No love for ankle monitors on captured immigrants


Associated Press

EL PASO, TEXAS

Federal authorities’ shift away from separating immigrant families caught in the U.S. illegally now means that many parents and children are quickly released, only to be fitted with electronic monitoring devices – a practice which both the government and advocacy groups oppose for different reasons.

U.S. Immigration and Customs Enforcement is issuing thousands of 5.5-ounce ankle monitors that immigrants call grilletes, or electronic shackles, spelling big profits for GEO Group, the country’s second-largest private prison contractor.

Government officials say the devices are effective in getting people to show up to immigration court, but that they stop working once deportation proceedings begin. The reason, according to attorneys and people who wore the devices or helped monitor those wearing them: Some immigrants simply ditch them and disappear.

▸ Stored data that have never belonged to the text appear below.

Fixpoint cval n (phi : cformula L n) : ('I_n -> M) -> RR :=
  match phi in cformula _ n return ('I_n -> M) -> RR with
  | cdist _ t1 t2 => fun e => truth_value (teval e t1 = teval e t2)
  | crel _ R ts => fun e => truth_value (@interp_rel L M R (fun j => teval e (ts j)))
  | cconn _ k u _ args => fun e => u (fun i => cval (args i) e)
  | csup _ p => fun e => sup [set cval p (scons x e) | x in [set: M]]
  | cinf _ p => fun e => inf [set cval p (scons x e) | x in [set: M]]
  end.

Lemma ord0_empty (i : 'I_0) : False. Proof. by case: i. Qed.

Definition empty_env : 'I_0 -> M := fun i => False_rect M (ord0_empty i).

Definition models (T : set (sentence L)) : Prop :=
  forall phi, T phi -> sat phi empty_env.

End Semantics.


Definition complete_theory (L : language) (T : set (sentence L)) : Prop :=
  (exists M : structure L, models M T) /\
  forall phi : sentence L,
    (forall M : structure L, models M T -> sat phi (empty_env M)) \/
    (forall M : structure L, models M T -> sat (fnot phi) (empty_env M)).

Local Open Scope card_scope.

Definition card_lt T U (A : set T) (B : set U) : Prop :=
  A #<= B /\ ~ (B #<= A).

(* the cardinal kappa is represented by the type K (kappa = |K|) *)
Definition strong_limit (K : Type) : Prop :=
  forall (U : Type) (X : set U), card_lt X [set: K] ->
    card_lt [set Y : set U | Y `<=` X] [set: K].

Section Monster.
Variables (L : language) (M : structure L).

Record pformula (n : nat) := PFormula {
  pf_npar : nat;
  pf_phi : formula L (n + pf_npar);
  pf_par : 'I_pf_npar -> M }.

Definition psat n (p : pformula n) (b : 'I_n -> M) : Prop :=
  sat (pf_phi p)
    (fun v => match split v with inl j => b j | inr i => @pf_par n p i end).

Definition over n (A : set M) (p : pformula n) : Prop := forall i, A (@pf_par n p i).

Definition saturated (K : Type) : Prop :=
  forall (A : set M), card_lt A [set: K] ->
  forall n (q : set (pformula n)),
    (forall p, q p -> over A p) ->
    (forall q0, q0 `<=` q -> finite_set q0 ->
       exists b : 'I_n -> M, forall p, q0 p -> psat p b) ->
    exists b : 'I_n -> M, forall p, q p -> psat p b.

Definition automorphism (s : M -> M) : Prop :=
  bijective s /\
  (forall f args, s (@interp_fun L M f args) = @interp_fun L M f (fun j => s (args j))) /\
  (forall R args, @interp_rel L M R args <-> @interp_rel L M R (fun j => s (args j))).

Definition partial_elementary (A : set M) (f : M -> M) : Prop :=
  forall n (phi : formula L n) (a : 'I_n -> M), (forall i, A (a i)) ->
    (sat phi a <-> sat phi (fun i => f (a i))).

Definition strongly_homogeneous (K : Type) : Prop :=
  forall (A : set M) (f : M -> M), card_lt A [set: K] ->
    partial_elementary A f ->
    exists s, automorphism s /\ forall x, A x -> s x = f x.

(* C is a monster model of T: a model of T that is kappa-saturated and
   strongly kappa-homogeneous for a strong limit cardinal kappa > |T|
   (|T| = |L| + aleph_0 = number of L-sentences). *)
Definition monster_model (T : set (sentence L)) : Prop :=
  models M T /\
  exists K : Type,
    strong_limit K /\ card_lt [set: sentence L] [set: K] /\
    saturated K /\ strongly_homogeneous K.

End Monster.

Lemma tuple_div_lt n k (v : 'I_(n * k)) : (v %/ k < n)%N.
Proof.
case: k v => [|k] v; first by case: v => m; rewrite muln0.
by rewrite ltn_divLR // ltn_ord.
Qed.

Lemma tuple_mod_lt n k (v : 'I_(n * k)) : (v %% k < k)%N.
Proof.
case: k v => [|k] v; first by case: v => m; rewrite muln0.
by rewrite ltn_mod.
Qed.

Section Indiscernibles.
Variables (L L' : language) (C : structure L) (I : structure L') (k : nat).

Definition Iseq := I -> 'I_k -> C.

Definition qftp_eq n (i j : 'I_n -> I) : Prop :=
  forall phi : formula L' n, qfree phi -> (sat phi i <-> sat phi j).

(* the concatenated tuple b_{i_0} ... b_{i_{n-1}} (of length n * k):
   its coordinate number j * k + l is the l-th coordinate of b_{i_j} *)
Definition subtuple (b : Iseq) n (i : 'I_n -> I) : 'I_(n * k) -> C :=
  fun v => b (i (Ordinal (tuple_div_lt v))) (Ordinal (tuple_mod_lt v)).

Definition tp_eq (b a : Iseq) n (j i : 'I_n -> I) : Prop :=
  forall phi : formula L (n * k),
    sat phi (subtuple b j) <-> sat phi (subtuple a i).

Definition indiscernible (b : Iseq) : Prop :=
  forall n (i j : 'I_n -> I), qftp_eq i j -> tp_eq b b i j.

Definition locally_based (b a : Iseq) : Prop :=
  forall n (Delta : list (formula L (n * k))) (j : 'I_n -> I),
  exists i : 'I_n -> I, qftp_eq i j /\
    forall phi, List.In phi Delta ->
      (sat phi (subtuple b j) <-> sat phi (subtuple a i)).

Definition locally_based_cont (b a : Iseq) : Prop :=
  forall n (Delta : list (cformula L (n * k))) (j : 'I_n -> I)
         (eps : RR), 0 < eps ->
  exists i : 'I_n -> I, qftp_eq i j /\
    forall phi, List.In phi Delta ->
      `|cval phi (subtuple b j) - cval phi (subtuple a i)| <= eps.

Definition modeling_property : Prop :=
  forall a : Iseq, exists b : Iseq, indiscernible b /\ locally_based b a.

Definition cont_modeling_property : Prop :=
  forall a : Iseq, exists b : Iseq, indiscernible b /\ locally_based_cont b a.

End Indiscernibles.

From Pilot Require Import Defs.
From mathcomp Require Import all_boot all_algebra.
From mathcomp Require Import classical_sets boolp cardinality reals Rstruct.
From mathcomp Require Import topology normedtype matrix_normedtype Rstruct_topology.
From mathcomp Require Import lra.
Import order.Order.TTheory GRing.Theory Num.Theory.
Set Implicit Arguments.
Unset Strict Implicit.
Unset Printing Implicit Defensive.
Local Open Scope classical_set_scope.
Local Open Scope ring_scope.

(** A first-order formula is a {0,1}-valued continuous formula (max for
   conjunction, 1 - x for negation, inf/sup for the quantifiers), so
   continuous closeness below 1 is classical agreement: continuous local
   basedness implies classical local basedness.  Conversely, every continuous
   formula is determined up to eps by the truth values of finitely many
   first-order formulas: for a connective by uniform continuity on the unit
   cube, and for sup/inf over x because agreement of two tuples on the
   sentences "exists x, c" for the Boolean cells c of Phi lets every witness
   on one side be matched, with the same Phi-type, on the other side.
   Classical local basedness for these finitely many formulas then yields the
   continuous one. *)

Lemma compact_unif_cont (R : realType) (X : pseudoMetricType R) (K : set X)
    (f : X -> R) :
  compact K ->
  (forall x, K x -> forall eps, 0 < eps ->
     exists2 d, 0 < d & forall y, K y -> ball x d y -> `|f x - f y| < eps) ->
  forall eps, 0 < eps ->
  exists2 d, 0 < d & forall x y, K x -> K y -> ball x d y -> `|f x - f y| < eps.
Proof.
move=> cK fc eps eps0; have eps20 : 0 < eps / 2 by rewrite divr_gt0.
have /choice[d dP] x : exists d, 0 < d /\
    (K x -> forall y, K y -> ball x d y -> `|f x - f y| < eps / 2).
  have [Kx|nKx] := pselect (K x); last by exists 1.
  by have [d d0 dP] := fc x Kx _ eps20; exists d.
pose P delta x := K x -> forall y, K y -> ball x delta y -> `|f x - f y| < eps.
have : \forall delta \near 0^'+, K `<=` P delta.
  apply: ((compact_near_coveringP K).1 cK _ (0^'+) P _) => x Kx.
  (* for x' near x and delta small, ball x' delta lies in ball x (d x) *)
  have [d0 dx] := dP x; have d20 : 0 < d x / 2 by rewrite divr_gt0.
  near=> x' delta => Kx' y Ky x'y.
  have xx' : ball x (d x / 2) x' by near: x'; exact: nbhsx_ballx.
  have ltd : delta < d x / 2 by near: delta; exact: nbhs_right_lt.
  have xy : ball x (d x) y.
    by rewrite (splitr (d x)); apply: ball_triangle xx' (le_ball (ltW ltd) x'y).
  have half_le : d x / 2 <= d x by lra.
  have fx'x : `|f x' - f x| < eps / 2.
    by rewrite distrC; apply: (dx Kx) => //; exact: le_ball half_le _ xx'.
  have fxy : `|f x - f y| < eps / 2 by exact: dx.
  by rewrite (splitr eps); apply: le_lt_trans (ler_distD (f x) _ _) (ltrD fx'x fxy).
move=> /(filterI (@nbhs_right_gt _ 0)) /filter_ex[delta [d0 KP]].
by exists delta => // x y Kx Ky; exact: KP.
Unshelve. all: end_near.
Qed.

Immigrant advocates and legal experts argue, meanwhile, that the devices – commonly used for criminal parolees – are inappropriate and inhumane for people seeking U.S. asylum. The American Bar Association has called doing so “a form of restriction on liberty similar to detention, rather than a meaningful alternative to detention.”

Congress first established the program in 2002, though GPS monitors grew more common as deportations rose to record levels under President Barack Obama’s administration, averaging more than 385,000 annually from 2008-12. Their use increased even more after 2014, when thousands of unaccompanied minors and families began traveling to the U.S.-Mexico border and asking for asylum.